NF: I think it would be two things, and I don’t know if it’s an “and” or an “or”. One is, yeah, basically the model capabilities don’t improve enough and we’re in between generations right now. It takes about three years to roll new models, new big pre-trainings and so we’re kind of in the post-4, pre-5 era, and during this time, innovation has shifted to post-training and we’ve actually learned that you can do a lot in post-training, it can improve a lot. We’ve seen some multimodality progress, now we’re starting to see some UI progress. Okay, one thing would be if capabilities just don’t improve that much, and GPT-5 just kind of feels like a chatbot, GPT-4.5, that’s how it feels, I think that could at least reduce the CapEx investment.

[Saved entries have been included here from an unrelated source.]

(* Let $M$ be any matroid and let $N$ be a matroid whose simplification is the free matroid $U_{n,n}$. Then a tensor product of $M$ and $N$ exists and is unique.
   Context: Quasi product of matroids $M,N$: a matroid $P$ on $E(M)\times E(N)$ such that for every non-loop $e\in E(M)$, $x\mapsto(e,x)$ is an isomorphism $N\cong P|_{\{e\}\times E(N)}$; for every non-loop $f\in E(N)$, $x\mapsto(x,f)$ is an isomorphism $M\cong P|_{E(M)\times\{f\}}$; and the rows $\{e\}\times E(N)$ with $e$ a loop of $M$ and columns $E(M)\times\{f\}$ with $f$ a loop of $N$ have rank $0$. A tensor product is a quasi product of rank $\mathrm{rk}(M)\mathrm{rk}(N)$. $U_{n,n}$ is the free matroid of rank $n$ on $n$ elements. *)

From mathcomp Require Import all_boot.
Set Implicit Arguments. Unset Strict Implicit. Unset Printing Implicit Defensive.

(* A matroid whose ground set is the whole finite type T. *)
Record matroid (T : finType) := Matroid {
  indep : {set T} -> bool;
  indep0 : indep set0;
  indep_sub : forall A B : {set T}, A \subset B -> indep B -> indep A;
  indep_aug : forall A B : {set T}, indep A -> indep B -> #|A| < #|B| ->
     exists2 x, x \in B :\: A & indep (x |: A)
}.

Definition mrank (T : finType) (M : matroid T) (A : {set T}) : nat :=
  \max_(B : {set T} | (B \subset A) && indep M B) #|B|.

Definition loop (T : finType) (M : matroid T) (e : T) : bool := ~~ indep M [set e].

DG: Why would that happen? What would be the fundamental constriction that would cause that to happen?

NF: Well, it could be one of three things, I think. One is that we’re reaching the limits of scaling. The log-log graph on which we want to draw a straight line, it starts to bend, and why would it bend? It could bend because for some reason we’re not able to extract more intelligence from even more data, it could bend because we’re running out of new data that’s out of distribution, we just aren’t learning that much from each token. Or it could bend because maybe there’s not that many players operating at this frontier and we’ve seen time and time again, even the very best companies can screw up these pre-training runs, they’re tough to do. We know OpenAI has been delayed in getting all the compute they want, we know these clusters are hard to keep running, we know that you can make bad parameter choices and architectural decisions, so it could bend just because of the top two or three companies they each make just mistakes and so GPT-5 is just a little disappointing for that reason.

Is there a role here for, there is $75 billion or whatever of CapEx and a few billion dollars of revenue, and that revenue doesn’t show up? Isn’t that sort of the more likely scenario?

NF: Well, that’s the other thing that could slow things down. Maybe capabilities keep improving, but for some reason they’re not translating to economic value that’s captured at the application layer, and so you’re an application, you’re one of these hyperscalers, and it’s like, “Why are we going to spend a $100 billion on a cluster if we can’t break five or six billion in revenue on these products?”, and yeah, I don’t know.

I think one of the canaries in the coal mine there may be Microsoft Copilot revenue, I’m sure there’s a lot of adoption of it right now because companies are eager to apply AI. If they don’t like it and it doesn’t grow, I think that would be tough.

If you look at who’s making money right now, Nvidia’s making money, CoreWeave’s making money, Scale’s making money, and there are dozens or so startups that are making $50 million plus, but it’s not 100 or at least I don’t know of 100 of them. So yeah, I do think it has to translate to application level revenue, and that hasn’t fully been made clear to us yet. So I think either of those two things could slow down investment. I think the 2025 CapEx is just baked in, I would be really surprised if these big companies canceled their 2025 orders.

That money has already flowed through to TSMC.

NF: Basically yeah, that’s happening. I think a question is 2026. If there were a small winter, it could be temporary, there could be little flat spots.

I’m going to jump in on that one. I think you guys are mistaken about this being a little thing if there is a slowdown. I think the implication of a bubble is that the overcorrection is, in many respects, even larger. Like 2001-2002 in tech was dark and you look back and you say, “Oh yeah, that is when all the great companies were built” — they were built because engineers could not get jobs and they were very cheap, and you could buy up all this dark fiber like Google did. It’s interesting, because I think that one of the questions with the dark fiber bit is that was such a great asset because you could make the fiber better by updating the endpoints, the fiber was the fiber and so that was a tremendous asset. The big question is if there is a bubble and everything just goes to crap and everyone goes out of business and you guys, I’m having to start pay you to show up in my interview because you need a job.

NF: We’re going to be okay, Ben, don’t worry.

(laughing) What’s going to happen to all these GPUs? The theory is well GPUs wear out and the energy gains from new generations are so significant that the old ones are just not even worth running. That is I think a question, how useful are these GPUs?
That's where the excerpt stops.